* GIVEN RECORDS *
-- Opening Marker --

Lemma quad_min_eq0 y1 y2 : (forall y, quad a b c y1 <= quad a b c y) ->
  quad a b c y1 < quad a b c y2 -> (quad a b c y1 = 0 <-> a * c = b ^+ 2).
Proof.
move=> lb lt12.
have c0 : 0 < c.
  rewrite lt_neqAle (lbound_quad_lead_ge0 lb) andbT; apply/eqP => /esym c0.
  by move: lt12; rewrite /quad c0 (lbound_quad_lin_eq0 c0 lb) mulr0 !mul0r !addr0 ltxx.
have cmin : c * quad a b c y1 = a * c - b ^+ 2.
  apply/le_anti/andP; split; last by rewrite quad_complete_square lerDr sqr_ge0.
  apply: le_trans (ler_wpM2l (ltW c0) (lb (- b / c))) _.
  by rewrite quad_complete_square mulrC divfK ?gt_eqF // addNr expr0n add0r.
split => [q0|e]; first by apply/eqP; rewrite -subr_eq0 -cmin q0 mulr0.
by move: cmin; rewrite e subrr => /eqP; rewrite mulf_eq0 gt_eqF //= => /eqP.
Qed.

Lemma quad_eq0 : (forall y, quad a b c y = 0) -> a * c = b ^+ 2.
Proof.
move=> q0; have a0 : a = 0 by rewrite -quad0.
have b0 : b = 0.
  by have := q0 1; have := q0 (-1); rewrite /quad a0 sqrrN expr1n !mulr1 mulrN1; lra.
by rewrite a0 b0 mul0r expr0n.
Qed.

End Quadratic.

Section SymmetricBilinear2.
Context {F : fieldType} {T : lmodType F}.
Variables (B : T -> T -> F) (x y : T).
Hypothesis B_linl : forall a b u v w, B (a *: u + b *: v) w = a * B u w + b * B v w.
Hypothesis B_sym : forall u v, B u v = B v u.

Lemma bilin2_frame a b c d : B (a *: x + b *: y) (c *: x + d *: y) =
  a * c * B x x + (a * d + b * c) * B x y + b * d * B y y.
Proof. by rewrite B_linl ![B _ (_ + _)]B_sym !B_linl [B y x]B_sym; ring. Qed.

Hypothesis span : forall z, exists a b, z = a *: x + b *: y.
Hypothesis indep : forall a b, a *: x + b *: y = 0 -> a = 0 /\ b = 0.

Lemma bilin2_degenerateE :
  (exists2 z, z != 0 & forall w, B z w = 0) <-> B x x * B y y = B x y ^+ 2.
Proof.
have Bx a b : B (a *: x + b *: y) x = a * B x x + b * B x y by rewrite B_linl [B y x]B_sym.
have By a b : B (a *: x + b *: y) y = a * B x y + b * B y y by rewrite B_linl.
split=> [[z z0 Bz]|e].
  have [a [b Ez]] := span z; move: (Bz x) (Bz y); rewrite Ez Bx By => hx hy.
  apply/eqP; rewrite -subr_eq0; apply: contraNT z0 => D0.
  have /eqP : a * (B x x * B y y - B x y ^+ 2) = 0.
    transitivity (B y y * (a * B x x + b * B x y) - B x y * (a * B x y + b * B y y)).
      by ring.
    by rewrite hx hy !mulr0 subrr.
  have /eqP : b * (B x x * B y y - B x y ^+ 2) = 0.
    transitivity (B x x * (a * B x y + b * B y y) - B x y * (a * B x x + b * B x y)).
      by ring.
    by rewrite hx hy !mulr0 subrr.
  by rewrite !mulf_eq0 (negbTE D0) !orbF Ez => /eqP-> /eqP->; rewrite !scale0r addr0.
have [xy0|xyn0] := eqVneq (B x x, B x y) (0, 0).
  case: xy0 => xx0 xy0; exists x => [|w].
    apply/eqP => x0; have : 1 *: x + 0 *: y = 0 by rewrite x0 scaler0 scale0r addr0.
    by case/indep => /eqP; rewrite oner_eq0.
  by have [c [d ->]] := span w; rewrite B_sym Bx xx0 xy0 !mulr0 addr0.
exists (B x y *: x + (- B x x) *: y) => [|w].
  by apply: contra_neq xyn0 => /indep[-> /eqP]; rewrite oppr_eq0 => /eqP->.
have [c [d ->]] := span w; rewrite bilin2_frame.
by rewrite (_ : _ + _ = d * (B x y ^+ 2 - B x x * B y y)); [rewrite e subrr mulr0|ring].
Qed.

End SymmetricBilinear2.

Lemma inf_eq_min {R : realType} {W : set R} {m : R} : W m -> lbound W m -> inf W = m.
Proof.
move=> Wm lbm; apply/le_anti/andP; split; first by apply: (ge_inf _ Wm); exists m.
by apply: lb_le_inf => //; exists m.
Qed.

Section Smooth.
Context {R : realType}.
Variables (f : 'rV[R]_2 -> 'rV[R]_3) (q : 'rV[R]_2).
Hypothesis sf : smooth f.

Lemma smooth_differentiable x : differentiable f x.
Proof. exact: (sf [::]). Qed.

Lemma smooth_derive_differentiable Y x : differentiable ('D_Y f) x.
Proof. exact: (sf [:: Y]). Qed.

Lemma derive2C X Y : 'D_X ('D_Y f) q = 'D_Y ('D_X f) q.
Proof.
by apply: schwarz_rV; [exact: smooth_differentiable|exact: smooth_derive_differentiable..].
Qed.

Lemma derive2_jac X Y : 'D_X ('D_Y f) q = X *m jacobian ('D_Y f) q.
Proof. exact/deriveEjacobian/smooth_derive_differentiable. Qed.

Lemma jacE : jac f q = jacobian f q.
Proof.
apply/row_matrixP => i; rewrite rowK /dfq deriveEjacobian ?rowE //.
exact: smooth_differentiable.
Qed.

Lemma dfq_jac X : dfq f q X = X *m jac f q.
Proof. by rewrite jacE /dfq deriveEjacobian //; exact: smooth_differentiable. Qed.

End Smooth.

Lemma corank1_frame {R : realType} {f : 'rV[R]_2 -> 'rV[R]_3} {q : 'rV[R]_2} :
  smooth f -> corank1 f q -> exists X0 K : 'rV[R]_2,
  [/\ K != 0, dfq f q K = 0, dot (dfq f q X0) (dfq f q X0) = 1 &
      forall X, exists a b, X = a *: X0 + b *: K].
Proof.
move=> sf cr; set J := jac f q.
have rker : \rank (kermx J) = 1%N by rewrite mxrank_ker cr.
have [K KJ K0] : exists2 K : 'rV[R]_2, (K <= kermx J)%MS & K != 0.
  by apply/rowV0Pn; rewrite -mxrank_eq0 rker.
have [X1 X1J] : exists X1 : 'rV[R]_2, X1 *m J != 0.
  have /rowV0Pn[w /submxP[X1 ->] w0] : J != 0 by rewrite -mxrank_eq0 cr.
  by exists X1.
pose X0 := (Num.sqrt (dot (X1 *m J) (X1 *m J)))^-1 *: X1.
have unitX0 : dot (dfq f q X0) (dfq f q X0) = 1.
  have T0 : 0 < dot (X1 *m J) (X1 *m J) by exact: dot_gt0.
  rewrite dfq_jac // -scalemxAl dotZl dotZr mulrA -expr2 exprVn sqr_sqrtr ?ltW //.
  by rewrite mulVf // gt_eqF.
exists X0, K; split => // [|X]; first by rewrite dfq_jac //; exact/sub_kermxP.
have X0J : X0 *m J != 0 by rewrite -dfq_jac //; exact: unit_neq0.
have [a XJ] := rank1_sub_rV cr X0J (submxMl _ _) (submxMl X J).
have /(rank1_sub_rV rker K0 KJ)[b Eb] : (X - a *: X0 <= kermx J)%MS.
  by apply/sub_kermxP; rewrite mulmxBl XJ scalemxAl subrr.
by exists a, b; rewrite -Eb addrC subrK.
Qed.

Section NormalSpace.
Context {R : realType}.
Variables (f : 'rV[R]_2 -> 'rV[R]_3) (q : 'rV[R]_2).

Lemma normalB n1 n2 : normal f q n1 -> normal f q n2 -> normal f q (n1 - n2).
Proof. by move=> N1 N2 w Tw; rewrite dotBl N1 // N2 // subrr. Qed.

(* If no orthogonal projection exists, [xget] falls back to 0, which is normal too. *)
Lemma sff_normal X Y : normal f q (sff f q X Y).
Proof. by rewrite /sff /orth_proj; case: xgetP => [y _ []//|_ w _]; exact: dot0l. Qed.

Lemma curv_parabola_normal x : curv_parabola f q x -> normal f q x.
Proof. by move=> [X _ <-]; exact: sff_normal. Qed.

End NormalSpace.

Lemma dot_orth_proj {R : realType} (N : set 'rV[R]_3) x n :
  (exists y, N y /\ forall n, N n -> dot (x - y) n = 0) ->
  N n -> dot (orth_proj N x) n = dot x n.
Proof.
move=> /(xgetPex 0)[_ perp] Nn; apply/eqP; rewrite eq_sym -subr_eq0 -dotBl.
exact/eqP/perp.
Qed.

Definition sff_nu {R : realType} (f : 'rV[R]_2 -> 'rV[R]_3) q nu X Y :=
  dot (sff f q X Y) nu.
(* Let $M$ and $M'$ be two stable matchings in an instance $I$ of SPA-S, and let $M^\land$ be the assignment defined from $M,M'$ in the context. If a project $p_j$ is undersubscribed in $M^\land$, then $p_j$ is undersubscribed in at least one of $M$ and $M'$.
   Context: An instance $I$ of SPA-S consists of a finite set $\mathcal{S}$ of students, a finite set $\mathcal{P}$ of projects and a finite set $\mathcal{L}$ of lecturers. Each student $s_i$ ranks a subset $A_i\subseteq\mathcal{P}$ (its acceptable projects) in strict order. Each project is offered by exactly one lecturer; lecturer $l_k$ offers a nonempty set $P_k\subseteq\mathcal{P}$, the $P_k$ partitioning $\mathcal{P}$. Each lecturer $l_k$ ranks in strict order the students who find at least one project of $P_k$ acceptable. Projects have capacities $c_j\in\mathbb{Z}^+$, lecturers have capacities $d_k\in\mathbb{Z}^+$ with $\max\{c_j:p_j\in P_k\}\le d_k\le\sum\{c_j:p_j\in P_k\}$. A pair $(s_i,p_j)$, $p_j$ offered by $l_k$, is acceptable if $p_j\in A_i$ and $s_i$ is on $l_k$'s list. A matching $M$ is a set of acceptable pairs with each student in at most one pair, $|M(p_j)|\le c_j$, $|M(l_k)|\le d_k$, where for an assignment $M$ (a set of acceptable pairs), $M(s_i)$, $M(p_j)$, $M(l_k)$ denote the project of $s_i$, the students assigned to $p_j$, and the students assigned to projects of $l_k$. Undersubscribed/full means fewer than/exactly capacity many assigned students. An acceptable pair $(s_i,p_j)\notin M$ ($p_j$ offered by $l_k$) blocks $M$ if ($s_i$ is unassigned or prefers $p_j$ to $M(s_i)$) and one of: (P1) $p_j$ and $l_k$ undersubscribed; (P2) $p_j$ undersubscribed, $l_k$ full, $s_i\in M(l_k)$; (P3) $p_j$ undersubscribed, $l_k$ full, $l_k$ prefers $s_i$ to the worst student of $M(l_k)$; (P4) $p_j$ full and $l_k$ prefers $s_i$ to the worst student of $M(p_j)$. $M$ is stable if it has no blocking pair. Given stable matchings $M,M'$, $M^\land$ is the assignment in which each student unassigned in both $M$ and $M'$ is unassigned, each student assigned to the same project in both is assigned to that project, and every other student is assigned to the better (in her preference) of her projects in $M$ and $M'$. *)

From mathcomp Require Import all_boot.
Set Implicit Arguments. Unset Strict Implicit. Unset Printing Implicit Defensive.

Record spa (S P L : finType) := Spa {
  acc   : S -> P -> bool;
  rankS : S -> P -> nat;      (* student's rank of a project (smaller = better) *)
  lect  : P -> L;
  rankL : L -> S -> nat;      (* lecturer's rank of a student (smaller = better) *)
  cap   : P -> nat;
  lcap  : L -> nat
}.

Section Defs.
Variables (S P L : finType) (I : spa S P L).

Definition on_list (l : L) (s : S) : bool :=
  [exists p : P, (lect I p == l) && acc I s p].

Definition valid_spa : Prop :=
  (forall s p q, acc I s p -> acc I s q -> rankS I s p = rankS I s q -> p = q) /\
  (forall l s t, on_list l s -> on_list l t -> rankL I l s = rankL I l t -> s = t) /\
  (forall l, exists p, lect I p == l) /\
  (forall p, 0 < cap I p) /\
  (forall l, 0 < lcap I l) /\
  (forall l, \max_(p | lect I p == l) cap I p <= lcap I l) /\
  (forall l, lcap I l <= \sum_(p | lect I p == l) cap I p).

Definition acceptable (s : S) (p : P) : bool := acc I s p && on_list (lect I p) s.

Definition prefS (s : S) (p q : P) : bool := rankS I s p < rankS I s q.
Definition prefL (l : L) (s t : S) : bool := rankL I l s < rankL I l t.

Definition assignment := {ffun S -> option P}.

Definition Mp (M : assignment) (p : P) : {set S} := [set s | M s == Some p].
Definition Ml (M : assignment) (l : L) : {set S} :=
  [set s | if M s is Some p then lect I p == l else false].

Definition is_matching (M : assignment) : Prop :=
  (forall s p, M s = Some p -> acceptable s p) /\
  (forall p, #|Mp M p| <= cap I p) /\
  (forall l, #|Ml M l| <= lcap I l).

-- Closing Marker --

* ASSIGNED TASK *
Repeat, exactly as they stand above, the lines from the line with "Proof. by rewrite jacE" to the line with "smooth f ->", both lines included.

* RESULT OF THE TASK *
Proof. by rewrite jacE /dfq deriveEjacobian //; exact: smooth_differentiable. Qed.

End Smooth.

Lemma corank1_frame {R : realType} {f : 'rV[R]_2 -> 'rV[R]_3} {q : 'rV[R]_2} :
  smooth f -> corank1 f q -> exists X0 K : 'rV[R]_2,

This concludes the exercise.